* Task brief *
Which lines of the data contain the string "Prop"? Copy every one.

====== Information supplied

(* Let $k\ge1$ and $\boldsymbol F\in\mathcal P_k$. Then the treewidth of the underlying graph of $\boldsymbol F$ is at most $3k-1$.
   Context: A $(k,k)$-bilabelled graph is $\boldsymbol F=(F,\boldsymbol u,\boldsymbol v)$ with $\boldsymbol u,\boldsymbol v\in V(F)^k$; $F$ is the underlying graph. Series composition $\boldsymbol F\cdot\boldsymbol F'$: disjoint union with $v_i$ identified with $u'_i$, multiple edges removed, labels $(\boldsymbol u,\boldsymbol v')$. Parallel composition $\boldsymbol F\odot\boldsymbol F'$: identify $u_i$ with $u'_i$ and $v_i$ with $v'_i$, multiple edges removed. For $\sigma\in\mathfrak S_{2k}$, $\boldsymbol F^\sigma$ has in-labels $(w_{\sigma(1)},\dots,w_{\sigma(k)})$ and out-labels $(w_{\sigma(k+1)},\dots,w_{\sigma(2k)})$, $\boldsymbol w=\boldsymbol u\boldsymbol v$. $\mathscr C_k$ = cyclic group of rotations of $(1,\dots,k,2k,\dots,k+1)$. Bilabelled minors: via edge contraction, edge deletion, deletion of unlabelled vertices. $\boldsymbol C_k$: vertices $[2k]$, in-labels $(1,\dots,k)$, out-labels $(k+1,\dots,2k)$, edges $\{i,i+1\}$ ($i\in[2k]\setminus\{k,2k\}$), $\{1,k+1\},\{k,2k\}$; $\boldsymbol M_k$: same vertices/labels, edges $\{i,i+k\}$. $\mathcal Q_k^P,\mathcal Q_k^S$ = bilabelled minors of $\boldsymbol C_k,\boldsymbol M_k$; $\mathcal Q_k$ their union. $\mathcal P_k$ = smallest class containing $\mathcal Q_k$, closed under series composition, $\boldsymbol F\mapsto\boldsymbol F\odot\boldsymbol Q$ ($\boldsymbol Q\in\mathcal Q_k^P$), and $\boldsymbol F\mapsto\boldsymbol F^\sigma$ ($\sigma\in\mathscr C_k$). *)

From mathcomp Require Import all_boot all_fingroup.
Set Implicit Arguments. Unset Strict Implicit. Unset Printing Implicit Defensive.

Definition symr (T : Type) (r : rel T) : rel T := fun a b => r a b || r b a.

Lemma symr_sym (T : Type) (r : rel T) : symmetric (symr r).
Proof. by move=> a b; rewrite /symr orbC. Qed.

(* a (finite) tree: nonempty, loopless, symmetric, connected, and every edge
   is a bridge (minimally connected) *)
Definition is_tree (T : finType) (e : rel T) : Prop :=
  [/\ 0 < #|T|, symmetric e, irreflexive e,
      (forall x y, connect e x y) &
      (forall x y, e x y ->
         ~~ connect (fun a b => e a b &&
                       ~~ (((a == x) && (b == y)) || ((a == y) && (b == x)))) x y)].

Definition tree_decomposition (V : finType) (E : rel V)
    (T : finType) (e : rel T) (B : T -> {set V}) : Prop :=
  [/\ is_tree e,
      (forall x : V, exists t, x \in B t),
      (forall x y : V, E x y -> exists t, (x \in B t) && (y \in B t)) &
      (forall (x : V) t1 t2, x \in B t1 -> x \in B t2 ->
         connect (fun a b => [&& e a b, x \in B a & x \in B b]) t1 t2)].

Definition treewidth_le (V : finType) (E : rel V) (w : nat) : Prop :=
  exists (T : finType) (e : rel T) (B : T -> {set V}),
    tree_decomposition E e B /\ forall t, #|B t| <= w.+1.

(* in-labels [bu], out-labels [bv]; edges given by a symmetric relation
   (so multiple edges are automatically identified) *)
Record bgraph (k : nat) := BGraph {
  bV : finType;
  bE : rel bV;
  bE_sym : symmetric bE;
  bu : 'I_k -> bV;
  bv : 'I_k -> bV }.
Arguments bV {k} b.
Arguments bE {k} b _ _.
Arguments bE_sym {k} b _ _.
Arguments bu {k} b _.
Arguments bv {k} b _.

Definition bg_iso k (G H : bgraph k) : Prop :=
  exists h : bV G -> bV H,
    [/\ bijective h, (forall a b, bE H (h a) (h b) = bE G a b),
        (forall i, h (bu G i) = bu H i) & (forall i, h (bv G i) = bv H i)].

Definition same_pair (T : eqType) (x y a b : T) : bool :=
  ((a == x) && (b == y)) || ((a == y) && (b == x)).

Definition del_edge k (G H : bgraph k) : Prop :=
  exists x y, bE G x y /\
  exists h : bV G -> bV H,
    [/\ bijective h,
        (forall a b, bE H (h a) (h b) = bE G a b && ~~ same_pair x y a b),
        (forall i, h (bu G i) = bu H i) & (forall i, h (bv G i) = bv H i)].

Definition del_vertex k (G H : bgraph k) : Prop :=
  exists x : bV G,
    (forall i, bu G i != x /\ bv G i != x) /\
  exists h : bV H -> bV G,
    [/\ injective h,
        (forall y, y != x -> exists z, h z = y),
        (forall z, h z != x),
        (forall a b, bE H a b = bE G (h a) (h b)) &
        ((forall i, h (bu H i) = bu G i) /\ (forall i, h (bv H i) = bv G i))].

Definition contract_edge k (G H : bgraph k) : Prop :=
  exists x y, bE G x y /\ x != y /\
  exists h : bV G -> bV H,
    [/\ (forall p, exists a, h a = p),
        (forall a b, (h a == h b) = (a == b) || same_pair x y a b),
        (forall p q, bE H p q <->
           exists a b, [/\ h a = p, h b = q, bE G a b & ~~ same_pair x y a b]),
        (forall i, h (bu G i) = bu H i) & (forall i, h (bv G i) = bv H i)].

Inductive bminor k (G : bgraph k) : bgraph k -> Prop :=
  | bminor_iso H : bg_iso G H -> bminor G H
  | bminor_del_edge H H' : bminor G H -> del_edge H H' -> bminor G H'
  | bminor_del_vertex H H' : bminor G H -> del_vertex H H' -> bminor G H'
  | bminor_contract H H' : bminor G H -> contract_edge H H' -> bminor G H'.

(* vertices 'I_(k+k); in-label i is i, out-label i is k+i *)
Definition C_adj k : rel 'I_(k + k) := fun a b =>
  [|| (a.+1 == b :> nat) && (a != k.-1 :> nat),
      (a == 0 :> nat) && (b == k :> nat)
    | (a == k.-1 :> nat) && (b == (k + k).-1 :> nat)].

============

* Output below *
Definition is_tree (T : finType) (e : rel T) : Prop :=
    (T : finType) (e : rel T) (B : T -> {set V}) : Prop :=
Definition treewidth_le (V : finType) (E : rel V) (w : nat) : Prop :=
Definition bg_iso k (G H : bgraph k) : Prop :=
Definition del_edge k (G H : bgraph k) : Prop :=
Definition del_vertex k (G H : bgraph k) : Prop :=
Definition contract_edge k (G H : bgraph k) : Prop :=
Inductive bminor k (G : bgraph k) : bgraph k -> Prop :=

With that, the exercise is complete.